PROVIDED DATA Block Start

(* Let $n\geq 1$ and let $Q\in\mathbb{Q}^{n\times n}$ be a rational orthogonal matrix with level $\ell$, and let $d_1,\ldots,d_n$ be the diagonal entries of the Smith normal form of the integer matrix $\ell Q$. Suppose that $X$ is a random symmetric integer $n\times n$ matrix whose upper-triangular entries $\{X_{i,j}:i\leq j\}$ have independent and uniformly distributed reductions to $\mathbb{Z}/\ell^2\mathbb{Z}$. Then $$\mathbb{P}(Q^{T}XQ\in\mathbb{Z}^{n\times n})=\prod_{i=1}^{\lfloor n/2\rfloor}\prod_{j=i}^{n-i}\frac{d_id_j}{\ell^2}.$$
   Context: The level of a rational matrix $Q$ is the least integer $\ell\geq 1$ with $\ell Q\in\mathbb{Z}^{n\times n}$. The Smith normal form entries $d_1,\ldots,d_n$ are taken to be nonnegative integers with $d_1\mid d_2\mid\cdots\mid d_n$, so that the Smith ideals of $\ell Q$ over $\mathbb{Z}$ are $d_i\mathbb{Z}$. *)

From HB Require Import structures.
From mathcomp Require Import all_boot all_order all_algebra.
From mathcomp Require Import all_classical all_reals all_analysis.
Set Implicit Arguments. Unset Strict Implicit. Unset Printing Implicit Defensive.
Import Order.TTheory GRing.Theory Num.Theory.
Local Open Scope ring_scope.
Local Open Scope classical_set_scope.

Definition int_mx m n (A : 'M[rat]_(m, n)) : Prop :=
  forall i j, A i j \is a Num.int.

Definition is_level n (Q : 'M[rat]_n) (l : nat) : Prop :=
  (0 < l)%N /\ int_mx (l%:R *: Q) /\
  forall k : nat, (0 < k)%N -> int_mx (k%:R *: Q) -> (l <= k)%N.

Definition rat_orthogonal n (Q : 'M[rat]_n) : Prop := Q^T *m Q = 1%:M.

Definition smith_diag n (M : 'M[int]_n) (d : seq int) : Prop :=
  [/\ size d = n, all (fun x => 0 <= x) d, sorted (fun a b => (a %| b)%Z) d &
      exists2 U : 'M[int]_n, U \in unitmx &
      exists2 V : 'M[int]_n, V \in unitmx &
        M = U *m (\matrix_(i, j) (d`_i *+ (i == j :> nat))) *m V].

Definition mutually_independent_int (R : realType) (d : measure_display)
  (T : measurableType d) (P : probability T R) (I : finType) (A : {set I})
  (Y : I -> T -> int) : Prop :=
  forall (S : {set I}) (a : I -> int), S \subset A ->
    P (\bigcap_(i in [set i | i \in S]) [set w | Y i w = a i]) =
    (\prod_(i in S) P [set w | Y i w = a i])%E.

Definition uniform_mod (R : realType) (d : measure_display)
  (T : measurableType d) (P : probability T R) (m : nat) (Y : T -> int) : Prop :=
  forall a : int, 0 <= a < m%:Z -> P [set w | Y w = a] = (m%:R^-1)%:E.

(* Write L = l Q = U diag(d) V with U, V unimodular.  Since L^T L = l^2 I, the
   matrix diag(d) (U^T U) diag(d) equals l^2 V^-T V^-1; for every prime p both
   U^T U and V^-T V^-1 have a permutation of entries prime to p (their
   determinants are units), and comparing p-adic valuations along these
   permutations, using d_1 | ... | d_n, gives d_i d_(n+1-i) = l^2.
   The event Q^T X Q integral says L^T X L = 0 mod l^2, so it only depends on
   the residues of X mod l^2.  The substitution Y = U^T X U permutes symmetric
   residue matrices and turns the condition into d_i d_j Y_ij = 0 mod l^2 for
   i <= j, which has gcd(d_i d_j, l^2) solutions Y_ij; by d_i d_(n+1-i) = l^2
   this gcd is d_i d_j when i + j <= n and l^2 otherwise.  Independence and
   uniformity of the residues make the probability the number of solutions
   divided by (l^2)^(n(n+1)/2). *)

From HB Require Import structures.
From mathcomp Require Import all_boot all_order all_algebra.
From mathcomp Require Import all_classical all_reals all_analysis.
From mathcomp Require Import perm zify.
Import Order.TTheory GRing.Theory Num.Theory.
Set Implicit Arguments. Unset Strict Implicit. Unset Printing Implicit Defensive.

(** * Counting in ordinals *)

Lemma card_ord_ltn n c : c <= n -> #|[set j : 'I_n | j < c]| = c.
Proof.
move=> le_cn; have widen_inj : injective (widen_ord le_cn) by move=> x y /(congr1 val) /= /val_inj.
rewrite -[RHS]card_ord -(card_imset _ widen_inj).
apply: eq_card => j; rewrite inE; apply/idP/imsetP => [lt_jc|[k _ ->]]; last exact: (ltn_ord k).
by exists (Ordinal lt_jc); last exact: val_inj.
Qed.

Lemma card_ord_geq n c : c <= n -> #|[set j : 'I_n | c <= j]| = n - c.
Proof.
move=> le_cn; rewrite -[in RHS](card_ord_ltn le_cn) cardsCs card_ord.
by congr (_ - _); apply: eq_card => j; rewrite !inE -ltnNge.
Qed.

Lemma injective_exists_notin (T T' : finType) (f : T -> T') (A : {set T}) (B : {set T'}) :
  injective f -> #|B| < #|A| -> exists2 x, x \in A & f x \notin B.
Proof.
move=> f_inj ltBA; have [/exists_inP//|/exists_inPn fAB] := boolP [exists x in A, f x \notin B].
have /subset_leq_card : f @: A \subset B.
  by apply/fintype.subsetP => _ /imsetP[x Ax ->]; rewrite -[_ \in B]negbK fAB.
by rewrite card_imset // leqNgt ltBA.
Qed.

PROVIDED DATA Block End

BRIEF: The answer must be the complete set of entries, retyped exactly.

SOLUTION TO THIS EXERCISE:
(* Let $n\geq 1$ and let $Q\in\mathbb{Q}^{n\times n}$ be a rational orthogonal matrix with level $\ell$, and let $d_1,\ldots,d_n$ be the diagonal entries of the Smith normal form of the integer matrix $\ell Q$. Suppose that $X$ is a random symmetric integer $n\times n$ matrix whose upper-triangular entries $\{X_{i,j}:i\leq j\}$ have independent and uniformly distributed reductions to $\mathbb{Z}/\ell^2\mathbb{Z}$. Then $$\mathbb{P}(Q^{T}XQ\in\mathbb{Z}^{n\times n})=\prod_{i=1}^{\lfloor n/2\rfloor}\prod_{j=i}^{n-i}\frac{d_id_j}{\ell^2}.$$
   Context: The level of a rational matrix $Q$ is the least integer $\ell\geq 1$ with $\ell Q\in\mathbb{Z}^{n\times n}$. The Smith normal form entries $d_1,\ldots,d_n$ are taken to be nonnegative integers with $d_1\mid d_2\mid\cdots\mid d_n$, so that the Smith ideals of $\ell Q$ over $\mathbb{Z}$ are $d_i\mathbb{Z}$. *)

From HB Require Import structures.
From mathcomp Require Import all_boot all_order all_algebra.
From mathcomp Require Import all_classical all_reals all_analysis.
Set Implicit Arguments. Unset Strict Implicit. Unset Printing Implicit Defensive.
Import Order.TTheory GRing.Theory Num.Theory.
Local Open Scope ring_scope.
Local Open Scope classical_set_scope.

Definition int_mx m n (A : 'M[rat]_(m, n)) : Prop :=
  forall i j, A i j \is a Num.int.

Definition is_level n (Q : 'M[rat]_n) (l : nat) : Prop :=
  (0 < l)%N /\ int_mx (l%:R *: Q) /\
  forall k : nat, (0 < k)%N -> int_mx (k%:R *: Q) -> (l <= k)%N.

Definition rat_orthogonal n (Q : 'M[rat]_n) : Prop := Q^T *m Q = 1%:M.

Definition smith_diag n (M : 'M[int]_n) (d : seq int) : Prop :=
  [/\ size d = n, all (fun x => 0 <= x) d, sorted (fun a b => (a %| b)%Z) d &
      exists2 U : 'M[int]_n, U \in unitmx &
      exists2 V : 'M[int]_n, V \in unitmx &
        M = U *m (\matrix_(i, j) (d`_i *+ (i == j :> nat))) *m V].

Definition mutually_independent_int (R : realType) (d : measure_display)
  (T : measurableType d) (P : probability T R) (I : finType) (A : {set I})
  (Y : I -> T -> int) : Prop :=
  forall (S : {set I}) (a : I -> int), S \subset A ->
    P (\bigcap_(i in [set i | i \in S]) [set w | Y i w = a i]) =
    (\prod_(i in S) P [set w | Y i w = a i])%E.

Definition uniform_mod (R : realType) (d : measure_display)
  (T : measurableType d) (P : probability T R) (m : nat) (Y : T -> int) : Prop :=
  forall a : int, 0 <= a < m%:Z -> P [set w | Y w = a] = (m%:R^-1)%:E.

(* Write L = l Q = U diag(d) V with U, V unimodular.  Since L^T L = l^2 I, the
   matrix diag(d) (U^T U) diag(d) equals l^2 V^-T V^-1; for every prime p both
   U^T U and V^-T V^-1 have a permutation of entries prime to p (their
   determinants are units), and comparing p-adic valuations along these
   permutations, using d_1 | ... | d_n, gives d_i d_(n+1-i) = l^2.
   The event Q^T X Q integral says L^T X L = 0 mod l^2, so it only depends on
   the residues of X mod l^2.  The substitution Y = U^T X U permutes symmetric
   residue matrices and turns the condition into d_i d_j Y_ij = 0 mod l^2 for
   i <= j, which has gcd(d_i d_j, l^2) solutions Y_ij; by d_i d_(n+1-i) = l^2
   this gcd is d_i d_j when i + j <= n and l^2 otherwise.  Independence and
   uniformity of the residues make the probability the number of solutions
   divided by (l^2)^(n(n+1)/2). *)

From HB Require Import structures.
From mathcomp Require Import all_boot all_order all_algebra.
From mathcomp Require Import all_classical all_reals all_analysis.
From mathcomp Require Import perm zify.
Import Order.TTheory GRing.Theory Num.Theory.
Set Implicit Arguments. Unset Strict Implicit. Unset Printing Implicit Defensive.

(** * Counting in ordinals *)

Lemma card_ord_ltn n c : c <= n -> #|[set j : 'I_n | j < c]| = c.
Proof.
move=> le_cn; have widen_inj : injective (widen_ord le_cn) by move=> x y /(congr1 val) /= /val_inj.
rewrite -[RHS]card_ord -(card_imset _ widen_inj).
apply: eq_card => j; rewrite inE; apply/idP/imsetP => [lt_jc|[k _ ->]]; last exact: (ltn_ord k).
by exists (Ordinal lt_jc); last exact: val_inj.
Qed.

Lemma card_ord_geq n c : c <= n -> #|[set j : 'I_n | c <= j]| = n - c.
Proof.
move=> le_cn; rewrite -[in RHS](card_ord_ltn le_cn) cardsCs card_ord.
by congr (_ - _); apply: eq_card => j; rewrite !inE -ltnNge.
Qed.

Lemma injective_exists_notin (T T' : finType) (f : T -> T') (A : {set T}) (B : {set T'}) :
  injective f -> #|B| < #|A| -> exists2 x, x \in A & f x \notin B.
Proof.
move=> f_inj ltBA; have [/exists_inP//|/exists_inPn fAB] := boolP [exists x in A, f x \notin B].
have /subset_leq_card : f @: A \subset B.
  by apply/fintype.subsetP => _ /imsetP[x Ax ->]; rewrite -[_ \in B]negbK fAB.
by rewrite card_imset // leqNgt ltBA.
Qed.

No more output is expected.